No, the data from GitHub should never contradict the local data, for all git related intents and purposes, GitHub is only a convenience (by providing an GUI/web interface) with a (separate but coupled) issue tracker. All branch/commit information is and must be reconstructable from only the local repository. That is why I want to use data from GitHub only when necessary and to provide additional information.
This method works for now, but for this PR PullRequest#getMerge()
will return wrong data!
That is why I will keep this open for now, as it is most likely not fixable on our end (or will require a workaround as detailed in my previous post).
Thanks for answer.
However, once there the pull-request is opened the commit is not local, right?. In this case we are talking about the wrong data is nothing, right?
Well, I try to pull from the fork so I have the commits locally (under a different branch/remote). If there is no fork repo (see #11) this will obviously fail and, in turn, even the newly implemented data source (the GitHub list) will fail in this case, as I need to verify the existence of those commits locally to not brake referential integrity with git and the behavior from GitWrapper and other internals.

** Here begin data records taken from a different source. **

Theorem proposition5
  (R : realType) (d : measure_display) (Omega : measurableType d)
  (P : probability Omega R)
  (L : finType) (A B : L) (hAB : A != B)
  (Gamma : {set L} -> R)
  (hGamma : forall j1 j2 : L, j1 != j2 -> [set j1; j2]%SET != [set A; B]%SET ->
              Gamma [set j1; j2]%SET <= 0)
  (p : nat) (beta : 'I_p -> R) (hbeta : exists k : 'I_p, beta k != 0)
  (T s t : nat) (hT : (2 <= T)%N) (hs : (1 <= s <= T)%N) (ht : (1 <= t <= T)%N)
  (hst : s != t)
  (X : nat -> L -> 'I_p -> R)          (* X s = x_s, X t = x_t (conditioned on) *)
  (alpha : L -> Omega -> R)            (* fixed effects alpha_ij *)
  (eps : nat -> L -> Omega -> R)       (* shocks eps_ijr *)
  (Y : nat -> Omega -> {set L})        (* choices Y_ir *)
  (halpha : forall j, measurable_fun setT (alpha j))
  (heps : forall r j, measurable_fun setT (eps r j))
  (hYmeas : forall r (S : {set L}), measurable [set w | Y r w = S])
  (hYmax : forall r w, r \in [:: s; t] ->
     is_max Gamma (fun j => xdelta (X r) beta j + alpha j w + eps r j w) (Y r w))
  (hties : forall r, r \in [:: s; t] ->
     P [set w | exists S1 S2 : {set L}, S1 != S2 /\
          is_max Gamma (fun j => xdelta (X r) beta j + alpha j w + eps r j w) S1 /\
          is_max Gamma (fun j => xdelta (X r) beta j + alpha j w + eps r j w) S2]
       = 0%E)
  (hstat : forall (As Bs : L -> set R),
     (forall j, measurable (As j)) -> (forall j, measurable (Bs j)) ->
     P [set w | forall j, As j (alpha j w) /\ Bs j (eps s j w)] =
     P [set w | forall j, As j (alpha j w) /\ Bs j (eps t j w)]) :
  let Pr r (K : pred {set L}) := P [set w | Y r w \in K] in
  let Dd j := xdelta (X s) beta j - xdelta (X t) beta j in
  (* (i) *)
  (forall j : L, (Pr t (pred1 [set j]%SET) < Pr s (pred1 [set j]%SET))%E ->
     0 < Dd j \/ exists k : L, k != j /\ Dd k < 0) /\
  (* (ii) *)
  (forall j1 j2 : L, j1 != j2 ->
     (Pr t (pred1 [set j1; j2]%SET) < Pr s (pred1 [set j1; j2]%SET))%E ->
     (exists j, j \in [:: j1; j2] /\ 0 < Dd j) \/
     exists k : L, k \notin [:: j1; j2] /\ Dd k < 0) /\
  (* (iii) *)
  (forall l lm : L, (l, lm) \in [:: (A, B); (B, A)] ->
     let D := [pred S : {set L} | (S == [set l]%SET) || (S == [set A; B]%SET)] in
     (Pr t D < Pr s D)%E ->
     [\/ 0 < Dd l,
         0 < Dd l + (Num.sg (Gamma [set A; B]%SET)) * Dd lm,
         exists k : L, k \notin [:: A; B] /\ 0 < Dd lm - Dd k
       | exists k : L, k \notin [:: A; B] /\ Dd k < 0]).
Proof.
move=> Pr Dd.
have s_in : s \in [:: s; t] by rewrite !inE eqxx.
have t_in : t \in [:: s; t] by rewrite !inE eqxx orbT.
have Pr_lt K (C : Prop) : (~ C -> choice_stays_in Gamma Dd K) -> (Pr t K < Pr s K)%E -> C.
  move=> stays lt_ts; apply: contrapT => /stays/(Pr_le_of_choice_stays_in halpha (heps s)
    (heps t) (hYmeas s) (hYmeas t) (hYmax s ^~ s_in) (hYmax t ^~ t_in) (hties t t_in) hstat).
  by rewrite leNgt lt_ts.
have le0 (x : R) : ~ 0 < x -> x <= 0 by move/negP; rewrite -leNgt.
have Dd_ge0 (Q : pred L) : ~ (exists k, Q k /\ Dd k < 0) -> forall k, Q k -> 0 <= Dd k.
  by move=> noQ k Qk; rewrite leNgt; apply/negP => Dk; apply: noQ; exists k.
split; [|split].
- move=> j; apply: Pr_lt => /not_orP[/le0 Dj /Dd_ge0 Dk].
  by apply: choice_stays_in_pred1 => [i /set1P-> // | k]; rewrite inE => /Dk.
- move=> j1 j2 _; apply: Pr_lt => /not_orP[noj /Dd_ge0 Dk].
  apply: choice_stays_in_pred1 => [i ij | k kj]; last by apply: Dk; rewrite !inE -in_set2.
  by apply: le0 => Di; apply: noj; exists i; rewrite !inE -in_set2.
move=> l lm /(partner_cases hAB)[l_neq_lm eAB ABE] D.
have -> : D = [pred S | (S == [set l]%SET) || (S == [set l; lm]%SET)].
  by rewrite /D; congr SimplPred; apply/funext => S; rewrite eAB.
apply: Pr_lt.
rewrite or4E eAB => /not_orP[/le0 Dl /not_orP[/le0 sgD /not_orP[no_lmk /Dd_ge0 Dk]]].
apply: choice_stays_in_partner => // [k1 k2|k kout]; first by rewrite -eAB; exact: hGamma.
rewrite -ABE in kout; split; first exact: Dk.
by rewrite -subr_le0 le0 // => lmk; apply: no_lmk; exists k.
Qed.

But you are correct in that the GitHub bug described in my earlier post is not applicable to unmerged PRs, as for them PullRequest#getMerge()
returns an empty Optional
since there is no merge.
It is already solved. Commit bb57ed86b843e8e947e6f91530a98285a77b131b and previous solved this issue and #11
I want to keep this open, as its root is actually is not solved/solvable for me. I will rename it to a more appropriate title for the root cause, but I would like to keep it open for now to remind me (and other users) of this Issue.
I am trying to get the commits of pull-request 4 (https://github.com/GustavoVale/Merge_Conflict_Scenarios/pull/4/commits), but instead of get two commits (46b7d34 and a40dbf9) I am getting a list with thousands of commits (6817 to be precise, but most of them are repeated). I guess that it is happening because this is the first closed pull-request of the project and it is getting a wrong "base" commit. The correct base commit is (4076cc11574f99ab067470b02f0d6cda24a0cb30) the third commit of the returned list.